Re: [Rdkit-discuss] DeleteSubstructs using an MCS object

2019-01-21 Thread Paolo Tosco

Hi Jenke,


The reason why the resulting molecule contains no atoms is that the 
3,5-dichlorophenyl substituent matches twice the 3-chlorophenyl 
substructure. If you look at the deleteSubstructs() code in 
ChemTransforms.cpp you may see that the atoms deleted from the main 
structures are the union of all possible matches (two in this case). 
Therefore, both the 3- and the 5-chloro substituents are deleted, and as 
all other atoms are part of the MCS, you are left with an empty molecule.

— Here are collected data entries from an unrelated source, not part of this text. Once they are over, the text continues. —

(* Let $r\ge 1$ and let $m_1,\dots,m_r,n$ be positive integers with $m=\sum_{i=1}^r m_i\le n$. Let $$h=\max\Big\{k\in\mathbb{Z},\ k\ge 2:\ \frac{m_i n}{k-1}\ge \Big\lceil \frac{m_i n}{k}\Big\rceil \text{ for all } i\in[r]\Big\}.$$ Then $$\chi_{=}(K_{m_1,\dots,m_r}\times K_n)=\sum_{i=1}^r\Big\lceil \frac{m_i n}{h}\Big\rceil .$$
   Context: All graphs are finite, simple and undirected; $[k]=\{1,\dots,k\}$. A (proper) $k$-coloring of $G$ is a map $f:V(G)\to[k]$ with $f(x)\ne f(y)$ whenever $xy\in E(G)$; its color classes are the sets $f^{-1}(i)$. An equitable $k$-coloring is a $k$-coloring in which any two color classes differ in size by at most $1$ (equivalently each class has size $\lfloor |V(G)|/k\rfloor$ or $\lceil |V(G)|/k\rceil$); $G$ is equitably $k$-colorable if it has one. The equitable chromatic number $\chi_{=}(G)$ is the minimum $k$ such that $G$ is equitably $k$-colorable. $K_{m_1,\dots,m_r}$ denotes the complete multipartite graph with parts of sizes $m_1,\dots,m_r$, and $K_n$ the complete graph on $n$ vertices. The Kronecker product $G\times H$ has vertex set $V(G)\times V(H)$, with $(x,y)$ adjacent to $(x',y')$ iff $xx'\in E(G)$ and $yy'\in E(H)$. *)

(* Simple graphs = symmetric irreflexive boolean relations on a finType. *)
From mathcomp Require Import all_boot.
Set Implicit Arguments. Unset Strict Implicit. Unset Printing Implicit Defensive.

Definition proper_coloring (T : finType) (e : rel T) (k : nat) (f : T -> 'I_k) : Prop :=
  forall x y, e x y -> f x != f y.
(* Let $\kappa>-1$ and $\lambda\in\mathbb{C}$. Let $T_\kappa$ be the operator $T_\kappa f(x)=f'(x)+\kappa\frac{f(x)-f(0)}{x}$ on functions of one real variable. Then the problem $$T_\kappa f(x)=i\lambda f(x),\qquad f(0)=1,$$ has a unique analytic solution, namely $f(x)=M_\kappa(i\lambda x):=M(1,\kappa+1;i\lambda x)$, where $M(a,b;z)=\sum_{n=0}^\infty\frac{(a)_n}{(b)_n}\frac{z^n}{n!}$ is the confluent hypergeometric (Kummer) function.
   Context: $(a)_n=\Gamma(a+n)/\Gamma(a)$ is the Pochhammer symbol. For an analytic $f$, the quotient $(f(x)-f(0))/x$ is understood as its analytic extension at $x=0$. *)

From Stdlib Require Import Reals Factorial.
From Coquelicot Require Import Coquelicot.
Open Scope R_scope.

Definition real_analytic (f : R -> C) : Prop :=
  forall x0 : R, exists r : R, 0 < r /\ exists a : nat -> C,
    forall x : R, Rabs (x - x0) < r ->
      is_series (fun n => (a n * RtoC ((x - x0) ^ n))%C) (f x).

Definition Cderiv (f : R -> C) (x : R) : C :=
  (Derive (fun t => Re (f t)) x, Derive (fun t => Im (f t)) x).

(* (f(x) - f(0))/x, with its analytic extension f'(0) at x = 0 *)
Definition diff_quot (f : R -> C) (x : R) : C :=
  if Req_EM_T x 0 then Cderiv f 0 else ((f x - f 0) / RtoC x)%C.

Definition T_kappa (kappa : R) (f : R -> C) (x : R) : C :=
  (Cderiv f x + RtoC kappa * diff_quot f x)%C.

Fixpoint poch (a : C) (n : nat) : C :=
  match n with
  | O => 1%C
  | S m => (poch a m * (a + INR m))%C
  end.

Definition kummer_term (a b z : C) (n : nat) : C :=
  (poch a n / poch b n * Cpow z n / INR (fact n))%C.

From Stdlib Require Import Reals Lra Lia Factorial FunctionalExtensionality.
From Coquelicot Require Import Coquelicot.
Open Scope R_scope.

(* On a power series sum c_n x^n the operator T_kappa acts by sending c_(n+1) x^(n+1) to
   (n + 1 + kappa) c_(n+1) x^n.  Hence an analytic solution of T_kappa f = mu f, f(0) = 1,
   has Taylor coefficients at 0 obeying (n + 1 + kappa) c_(n+1) = mu c_n, c_0 = 1, i.e.
   c_n = mu^n / (kappa + 1)_n: near 0, f is Kummer's M(1, kappa + 1; mu x).  Conversely this
   series is entire, hence real-analytic (Taylor's formula with Lagrange remainder and
   Cauchy-type bounds on the derivatives), and solves the problem.  Away from 0 the difference
   w of two solutions satisfies w' = (mu - kappa / x) w, along which
   |w|^2 |x|^(2 kappa) exp(-2 Re(mu) x) is constant; so two solutions that agree near 0 agree
   on both half-lines. *)

(** * Complex series and real power series *)

Lemma RtoC_neq_0 x : x <> 0 -> RtoC x <> 0%C.
Proof. intros Hx E; apply Hx, RtoC_inj, E. Qed.

Lemma Re_sum_n (a : nat -> C) n : Re (sum_n a n) = sum_n (fun k => Re (a k)) n.
Proof. induction n; [now rewrite !sum_O | rewrite !sum_Sn; simpl; now rewrite <- IHn]. Qed.

Lemma Im_sum_n (a : nat -> C) n : Im (sum_n a n) = sum_n (fun k => Im (a k)) n.
Proof. induction n; [now rewrite !sum_O | rewrite !sum_Sn; simpl; now rewrite <- IHn]. Qed.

If you wish to delete matches one at a time, rather than deleting the 
union of all matches, you may use the DeleteSubstructs() Python 
implementation that I drafted in this gist:


https://gist.github.com/ptosco/1b6bc727ddee32b4d411cf5c2aea7291

(disclaimer: I wrote it very quickly and tested it only with your 
example, so I don't guarantee it is bug-free)


This DeleteSubstructs() implementation returns a list of all structures 
obtained by deleting the matched substructures one at a time. As I see 
you are using 3D structures, the code deletes all orphaned hydrogens and 
caps the fragments remaining after deleting substructures with 
hydrogens. If you don't care about 3D coordinates you may want to 
uniquify results based on canonical SMILES and, for example in the case 
of lig12, keep the remaining HCl fragment only once.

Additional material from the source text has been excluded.